(* Let $\mathcal{L}=(L,\wedge,\vee,0,1)$ be a complete lattice and let $C\subseteq L$ be a chain consisting of strongly irreducible elements of $L$. Then $\bigwedge C$ is strongly irreducible in $L$.
   Context: An element $p$ of a lattice is strongly irreducible if for all $a,b\in L$: $a\wedge b\leq p$ implies $a\leq p$ or $b\leq p$. *)

From mathcomp Require Import all_boot all_order.
Set Implicit Arguments. Unset Strict Implicit. Unset Printing Implicit Defensive.
Import Order.TTheory.
Local Open Scope order_scope.

Definition is_glb (d : Order.disp_t) (L : latticeType d) (C : L -> Prop) (m : L) : Prop :=
  (forall x, C x -> m <= x) /\ (forall y, (forall x, C x -> y <= x) -> y <= m).

Definition complete_inf (d : Order.disp_t) (L : latticeType d) (inf : (L -> Prop) -> L) : Prop :=
  forall C : L -> Prop, is_glb C (inf C).

Definition strongly_irreducible (d : Order.disp_t) (L : latticeType d) (p : L) : Prop :=
  forall a b : L, a `&` b <= p -> a <= p \/ b <= p.

Definition is_chain (d : Order.disp_t) (L : latticeType d) (C : L -> Prop) : Prop :=
  forall x y, C x -> C y -> x <= y \/ y <= x.

From mathcomp Require Import all_boot all_order.
From Stdlib Require Import Classical.
Import Order.TTheory.
Local Open Scope order_scope.

(* If [a] fails below some [x] and [b] fails below some [y] of the chain, the
   smaller of [x] and [y] catches neither [a] nor [b], although it is strongly
   irreducible and lies above [a `&` b]. *)

Section ChainOfStronglyIrreducibles.

Variables (d : Order.disp_t) (L : latticeType d) (C : L -> Prop).
Hypothesis chainC : is_chain C.
Hypothesis irrC : forall c, C c -> strongly_irreducible c.

Lemma chain_lbound_meet {a b : L} :
  (forall c, C c -> a `&` b <= c) ->
  (forall c, C c -> a <= c) \/ (forall c, C c -> b <= c).
Proof.
move=> meet_lb; apply: NNPP => /not_or_and [/not_all_ex_not [x ax] /not_all_ex_not [y by_]].
have [Cx nax] := imply_to_and _ _ ax; have [Cy nby] := imply_to_and _ _ by_.
case: (chainC x y Cx Cy) => [le_xy | le_yx].
- case: (irrC x Cx a b (meet_lb x Cx)) => [//| bx].
  exact/nby/(le_trans bx le_xy).
- case: (irrC y Cy a b (meet_lb y Cy)) => [ay | //].
  exact/nax/(le_trans ay le_yx).
Qed.

Lemma glb_chain_strongly_irreducible (m : L) :
  is_glb C m -> strongly_irreducible m.
Proof.
move=> [m_lb m_glb] a b le_ab_m.
have meet_lb c : C c -> a `&` b <= c by move=> Cc; exact: le_trans le_ab_m (m_lb c Cc).
by case: (chain_lbound_meet meet_lb) => [a_lb | b_lb]; [left | right]; apply: m_glb.
Qed.

End ChainOfStronglyIrreducibles.

Theorem proposition1p13 (d : Order.disp_t) (L : tbLatticeType d)
  (inf : (L -> Prop) -> L) (Hinf : complete_inf inf)
  (C : L -> Prop) (HC : is_chain C)
  (Hirr : forall c, C c -> strongly_irreducible c) :
  strongly_irreducible (inf C).
Proof. exact: glb_chain_strongly_irreducible HC Hirr _ (Hinf C). Qed.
##########
* WHAT TO DO
Where the records above contain a line with "move=> [m_lb m_glb] a b le_ab_m.", repeat that line and each later line through the end, exactly, and nothing more.

* SOLUTION BELOW
move=> [m_lb m_glb] a b le_ab_m.
have meet_lb c : C c -> a `&` b <= c by move=> Cc; exact: le_trans le_ab_m (m_lb c Cc).
by case: (chain_lbound_meet meet_lb) => [a_lb | b_lb]; [left | right]; apply: m_glb.
Qed.

End ChainOfStronglyIrreducibles.

Theorem proposition1p13 (d : Order.disp_t) (L : tbLatticeType d)
  (inf : (L -> Prop) -> L) (Hinf : complete_inf inf)
  (C : L -> Prop) (HC : is_chain C)
  (Hirr : forall c, C c -> strongly_irreducible c) :
  strongly_irreducible (inf C).
Proof. exact: glb_chain_strongly_irreducible HC Hirr _ (Hinf C). Qed.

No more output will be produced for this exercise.